Collected data entries
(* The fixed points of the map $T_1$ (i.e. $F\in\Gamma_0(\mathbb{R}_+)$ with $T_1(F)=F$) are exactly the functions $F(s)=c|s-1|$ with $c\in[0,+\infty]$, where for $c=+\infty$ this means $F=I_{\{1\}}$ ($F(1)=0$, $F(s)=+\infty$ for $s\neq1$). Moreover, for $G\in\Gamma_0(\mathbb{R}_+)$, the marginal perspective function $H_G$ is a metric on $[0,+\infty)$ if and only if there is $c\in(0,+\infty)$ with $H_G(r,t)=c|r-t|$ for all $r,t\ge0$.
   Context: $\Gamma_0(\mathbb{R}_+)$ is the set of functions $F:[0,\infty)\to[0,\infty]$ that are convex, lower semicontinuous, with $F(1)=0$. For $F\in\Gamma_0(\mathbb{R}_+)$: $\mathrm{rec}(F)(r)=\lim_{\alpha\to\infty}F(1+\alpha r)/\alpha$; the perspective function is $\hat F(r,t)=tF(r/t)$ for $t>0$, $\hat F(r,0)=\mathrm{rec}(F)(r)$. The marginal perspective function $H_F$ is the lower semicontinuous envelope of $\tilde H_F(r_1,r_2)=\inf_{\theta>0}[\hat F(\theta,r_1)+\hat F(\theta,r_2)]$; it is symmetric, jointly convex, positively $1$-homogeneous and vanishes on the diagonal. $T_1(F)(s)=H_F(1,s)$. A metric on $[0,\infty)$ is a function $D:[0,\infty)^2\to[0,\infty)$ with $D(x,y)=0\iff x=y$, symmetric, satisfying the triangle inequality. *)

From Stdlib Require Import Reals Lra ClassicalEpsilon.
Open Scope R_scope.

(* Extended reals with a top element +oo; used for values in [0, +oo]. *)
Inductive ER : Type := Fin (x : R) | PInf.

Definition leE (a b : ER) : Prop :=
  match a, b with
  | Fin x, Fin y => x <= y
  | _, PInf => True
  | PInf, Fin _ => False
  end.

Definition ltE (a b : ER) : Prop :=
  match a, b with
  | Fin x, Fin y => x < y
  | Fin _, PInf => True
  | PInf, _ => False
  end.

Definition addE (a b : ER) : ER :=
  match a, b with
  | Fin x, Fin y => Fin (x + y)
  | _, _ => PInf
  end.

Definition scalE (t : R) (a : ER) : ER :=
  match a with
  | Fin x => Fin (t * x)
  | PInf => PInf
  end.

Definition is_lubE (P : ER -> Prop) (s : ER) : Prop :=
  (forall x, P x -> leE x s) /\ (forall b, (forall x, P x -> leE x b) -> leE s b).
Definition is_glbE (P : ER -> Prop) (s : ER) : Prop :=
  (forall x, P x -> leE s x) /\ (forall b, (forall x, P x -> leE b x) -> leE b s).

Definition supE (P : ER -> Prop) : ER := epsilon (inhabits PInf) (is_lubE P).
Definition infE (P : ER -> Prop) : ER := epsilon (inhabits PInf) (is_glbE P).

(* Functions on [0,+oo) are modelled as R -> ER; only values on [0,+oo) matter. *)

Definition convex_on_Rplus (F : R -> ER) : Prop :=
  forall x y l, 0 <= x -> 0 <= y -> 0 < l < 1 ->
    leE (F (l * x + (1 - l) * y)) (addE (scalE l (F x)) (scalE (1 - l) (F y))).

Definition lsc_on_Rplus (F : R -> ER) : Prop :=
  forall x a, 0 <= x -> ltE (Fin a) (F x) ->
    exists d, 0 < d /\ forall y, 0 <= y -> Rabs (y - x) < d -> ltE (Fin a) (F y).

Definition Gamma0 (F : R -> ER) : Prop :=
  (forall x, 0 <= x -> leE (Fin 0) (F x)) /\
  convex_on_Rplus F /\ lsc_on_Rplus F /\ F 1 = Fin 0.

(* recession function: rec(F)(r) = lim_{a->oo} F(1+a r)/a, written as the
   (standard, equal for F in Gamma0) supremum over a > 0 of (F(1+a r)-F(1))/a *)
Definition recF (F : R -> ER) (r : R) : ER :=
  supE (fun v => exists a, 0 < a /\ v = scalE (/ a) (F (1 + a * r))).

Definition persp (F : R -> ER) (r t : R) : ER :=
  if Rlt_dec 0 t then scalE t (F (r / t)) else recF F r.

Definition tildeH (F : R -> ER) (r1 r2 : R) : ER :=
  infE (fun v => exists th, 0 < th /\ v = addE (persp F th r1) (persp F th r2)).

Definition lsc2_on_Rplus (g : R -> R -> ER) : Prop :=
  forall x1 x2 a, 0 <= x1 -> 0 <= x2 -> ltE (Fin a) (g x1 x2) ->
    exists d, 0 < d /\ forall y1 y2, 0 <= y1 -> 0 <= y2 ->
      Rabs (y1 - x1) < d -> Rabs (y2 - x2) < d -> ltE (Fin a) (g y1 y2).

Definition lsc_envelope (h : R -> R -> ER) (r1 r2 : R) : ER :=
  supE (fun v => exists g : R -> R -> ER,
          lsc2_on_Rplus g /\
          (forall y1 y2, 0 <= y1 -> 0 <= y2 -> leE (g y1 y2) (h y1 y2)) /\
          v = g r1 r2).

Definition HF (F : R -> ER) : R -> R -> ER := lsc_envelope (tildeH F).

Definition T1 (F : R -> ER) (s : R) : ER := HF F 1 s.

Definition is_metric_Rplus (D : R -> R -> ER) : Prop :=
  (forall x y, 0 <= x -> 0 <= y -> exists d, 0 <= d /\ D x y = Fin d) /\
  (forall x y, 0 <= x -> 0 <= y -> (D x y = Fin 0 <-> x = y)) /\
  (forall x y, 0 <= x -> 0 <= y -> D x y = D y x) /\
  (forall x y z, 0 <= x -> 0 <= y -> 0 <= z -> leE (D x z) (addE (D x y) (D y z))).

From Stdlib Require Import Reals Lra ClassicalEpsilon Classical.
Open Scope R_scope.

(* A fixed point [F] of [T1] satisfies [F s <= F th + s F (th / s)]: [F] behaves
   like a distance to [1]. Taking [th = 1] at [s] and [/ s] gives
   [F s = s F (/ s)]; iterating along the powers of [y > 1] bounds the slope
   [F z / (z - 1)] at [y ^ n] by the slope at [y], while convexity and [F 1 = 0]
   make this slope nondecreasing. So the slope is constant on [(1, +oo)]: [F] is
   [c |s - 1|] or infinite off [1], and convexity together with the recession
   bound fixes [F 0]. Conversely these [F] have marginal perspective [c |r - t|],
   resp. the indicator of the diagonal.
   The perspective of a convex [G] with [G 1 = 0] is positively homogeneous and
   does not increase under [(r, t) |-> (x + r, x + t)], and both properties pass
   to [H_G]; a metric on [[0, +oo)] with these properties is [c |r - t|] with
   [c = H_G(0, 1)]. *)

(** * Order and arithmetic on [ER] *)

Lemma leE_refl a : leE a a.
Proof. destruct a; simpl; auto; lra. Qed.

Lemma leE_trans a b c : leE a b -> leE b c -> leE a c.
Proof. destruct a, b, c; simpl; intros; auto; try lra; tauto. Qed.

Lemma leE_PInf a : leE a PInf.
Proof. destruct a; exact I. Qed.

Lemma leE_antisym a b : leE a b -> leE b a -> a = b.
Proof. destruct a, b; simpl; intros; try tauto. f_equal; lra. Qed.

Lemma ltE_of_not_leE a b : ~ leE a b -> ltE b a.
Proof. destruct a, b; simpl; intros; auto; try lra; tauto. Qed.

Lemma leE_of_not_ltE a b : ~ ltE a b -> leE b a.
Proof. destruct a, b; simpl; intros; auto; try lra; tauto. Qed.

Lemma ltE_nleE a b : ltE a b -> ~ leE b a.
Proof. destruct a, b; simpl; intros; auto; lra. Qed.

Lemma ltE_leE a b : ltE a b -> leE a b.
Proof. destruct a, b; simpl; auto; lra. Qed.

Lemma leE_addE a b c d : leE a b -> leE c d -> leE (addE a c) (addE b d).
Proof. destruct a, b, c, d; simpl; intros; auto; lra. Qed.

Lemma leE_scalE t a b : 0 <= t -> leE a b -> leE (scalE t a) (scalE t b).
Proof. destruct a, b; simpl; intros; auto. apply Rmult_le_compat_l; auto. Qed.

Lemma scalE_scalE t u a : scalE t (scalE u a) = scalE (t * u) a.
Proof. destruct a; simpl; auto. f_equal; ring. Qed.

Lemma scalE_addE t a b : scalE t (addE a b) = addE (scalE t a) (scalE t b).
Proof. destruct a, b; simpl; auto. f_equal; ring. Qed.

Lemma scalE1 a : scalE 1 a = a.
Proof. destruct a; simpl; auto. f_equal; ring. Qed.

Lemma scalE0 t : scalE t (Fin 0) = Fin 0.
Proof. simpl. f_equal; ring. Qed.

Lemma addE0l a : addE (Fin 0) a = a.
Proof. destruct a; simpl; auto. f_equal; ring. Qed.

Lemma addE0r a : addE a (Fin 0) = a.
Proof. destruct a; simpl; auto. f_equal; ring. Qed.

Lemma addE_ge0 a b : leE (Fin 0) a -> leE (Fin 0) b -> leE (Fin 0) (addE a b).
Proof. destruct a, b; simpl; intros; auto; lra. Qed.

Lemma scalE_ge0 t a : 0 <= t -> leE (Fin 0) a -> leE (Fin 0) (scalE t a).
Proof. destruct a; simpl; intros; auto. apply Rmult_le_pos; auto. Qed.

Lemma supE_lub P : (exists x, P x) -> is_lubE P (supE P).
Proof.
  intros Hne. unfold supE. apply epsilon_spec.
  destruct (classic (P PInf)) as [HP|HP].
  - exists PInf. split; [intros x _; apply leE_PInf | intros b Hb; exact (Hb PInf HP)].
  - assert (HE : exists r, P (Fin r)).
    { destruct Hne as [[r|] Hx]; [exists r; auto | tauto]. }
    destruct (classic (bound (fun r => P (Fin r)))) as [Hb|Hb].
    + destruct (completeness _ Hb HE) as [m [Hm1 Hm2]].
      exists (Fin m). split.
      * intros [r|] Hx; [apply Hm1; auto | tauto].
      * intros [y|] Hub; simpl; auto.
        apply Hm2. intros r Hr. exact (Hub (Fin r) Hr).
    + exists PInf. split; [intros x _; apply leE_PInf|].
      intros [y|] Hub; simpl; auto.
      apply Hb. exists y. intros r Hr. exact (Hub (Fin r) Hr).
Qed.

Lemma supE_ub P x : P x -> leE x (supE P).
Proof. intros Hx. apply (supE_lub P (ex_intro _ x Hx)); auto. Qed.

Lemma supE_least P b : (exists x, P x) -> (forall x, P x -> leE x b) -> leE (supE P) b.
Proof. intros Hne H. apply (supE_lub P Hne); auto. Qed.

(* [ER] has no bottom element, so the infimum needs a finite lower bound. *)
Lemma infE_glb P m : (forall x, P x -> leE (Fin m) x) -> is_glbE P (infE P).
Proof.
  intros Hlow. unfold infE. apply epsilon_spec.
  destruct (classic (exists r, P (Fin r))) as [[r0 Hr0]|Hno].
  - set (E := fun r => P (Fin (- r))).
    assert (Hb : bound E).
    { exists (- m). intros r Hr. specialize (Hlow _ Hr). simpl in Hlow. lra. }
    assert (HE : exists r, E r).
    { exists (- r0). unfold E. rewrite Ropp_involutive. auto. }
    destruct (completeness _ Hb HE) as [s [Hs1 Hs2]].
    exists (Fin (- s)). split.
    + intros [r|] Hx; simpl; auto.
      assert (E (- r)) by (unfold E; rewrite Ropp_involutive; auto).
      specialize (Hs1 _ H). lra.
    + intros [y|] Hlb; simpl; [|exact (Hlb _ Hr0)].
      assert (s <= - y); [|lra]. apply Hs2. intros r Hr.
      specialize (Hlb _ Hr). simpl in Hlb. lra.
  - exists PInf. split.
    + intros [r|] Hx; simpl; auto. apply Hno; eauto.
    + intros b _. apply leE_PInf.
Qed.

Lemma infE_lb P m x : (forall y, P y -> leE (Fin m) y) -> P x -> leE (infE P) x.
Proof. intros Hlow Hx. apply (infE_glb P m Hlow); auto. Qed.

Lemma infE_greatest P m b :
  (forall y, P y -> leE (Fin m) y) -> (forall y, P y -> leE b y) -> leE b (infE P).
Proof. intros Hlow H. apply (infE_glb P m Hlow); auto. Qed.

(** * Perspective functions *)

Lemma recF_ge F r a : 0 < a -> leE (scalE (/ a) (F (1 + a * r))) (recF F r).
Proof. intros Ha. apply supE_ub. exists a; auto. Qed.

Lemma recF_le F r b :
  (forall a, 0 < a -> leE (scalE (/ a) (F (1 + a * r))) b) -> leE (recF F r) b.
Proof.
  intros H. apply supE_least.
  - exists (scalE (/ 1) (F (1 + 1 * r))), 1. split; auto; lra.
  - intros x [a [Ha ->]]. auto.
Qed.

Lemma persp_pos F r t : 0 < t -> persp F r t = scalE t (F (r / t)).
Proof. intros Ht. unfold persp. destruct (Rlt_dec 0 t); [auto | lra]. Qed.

---

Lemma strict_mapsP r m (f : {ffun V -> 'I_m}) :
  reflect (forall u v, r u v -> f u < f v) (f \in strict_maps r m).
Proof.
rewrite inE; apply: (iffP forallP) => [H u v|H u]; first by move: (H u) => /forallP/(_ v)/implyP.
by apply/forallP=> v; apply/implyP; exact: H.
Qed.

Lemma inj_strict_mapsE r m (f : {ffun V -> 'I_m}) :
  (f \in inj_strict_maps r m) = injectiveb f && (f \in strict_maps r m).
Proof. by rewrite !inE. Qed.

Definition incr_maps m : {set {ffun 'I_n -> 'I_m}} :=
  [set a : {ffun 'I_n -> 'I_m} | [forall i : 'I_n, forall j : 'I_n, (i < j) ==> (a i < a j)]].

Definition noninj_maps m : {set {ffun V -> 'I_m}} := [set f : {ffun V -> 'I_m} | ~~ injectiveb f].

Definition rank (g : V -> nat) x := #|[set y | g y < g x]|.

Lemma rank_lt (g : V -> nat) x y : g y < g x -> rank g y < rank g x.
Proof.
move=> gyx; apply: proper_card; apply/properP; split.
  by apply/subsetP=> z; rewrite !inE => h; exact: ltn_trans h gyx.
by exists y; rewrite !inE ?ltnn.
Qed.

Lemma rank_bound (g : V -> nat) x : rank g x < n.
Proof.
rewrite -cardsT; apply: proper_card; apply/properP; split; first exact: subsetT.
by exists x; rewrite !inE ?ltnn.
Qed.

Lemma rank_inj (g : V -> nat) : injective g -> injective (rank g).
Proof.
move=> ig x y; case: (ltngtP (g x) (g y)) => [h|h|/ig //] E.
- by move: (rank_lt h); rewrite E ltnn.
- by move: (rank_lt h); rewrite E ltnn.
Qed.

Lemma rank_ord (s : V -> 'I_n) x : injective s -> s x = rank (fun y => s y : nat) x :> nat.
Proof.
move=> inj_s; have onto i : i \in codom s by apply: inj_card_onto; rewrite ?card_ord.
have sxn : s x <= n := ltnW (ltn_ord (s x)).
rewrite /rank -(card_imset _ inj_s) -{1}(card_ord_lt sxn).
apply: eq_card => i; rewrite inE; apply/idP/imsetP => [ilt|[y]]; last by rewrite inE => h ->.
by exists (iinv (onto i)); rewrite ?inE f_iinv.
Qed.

WHAT THE EXERCISE ASKS
Return every line above that contains the word "only".

OUTPUT BELOW
(* The fixed points of the map $T_1$ (i.e. $F\in\Gamma_0(\mathbb{R}_+)$ with $T_1(F)=F$) are exactly the functions $F(s)=c|s-1|$ with $c\in[0,+\infty]$, where for $c=+\infty$ this means $F=I_{\{1\}}$ ($F(1)=0$, $F(s)=+\infty$ for $s\neq1$). Moreover, for $G\in\Gamma_0(\mathbb{R}_+)$, the marginal perspective function $H_G$ is a metric on $[0,+\infty)$ if and only if there is $c\in(0,+\infty)$ with $H_G(r,t)=c|r-t|$ for all $r,t\ge0$.
(* Functions on [0,+oo) are modelled as R -> ER; only values on [0,+oo) matter. *)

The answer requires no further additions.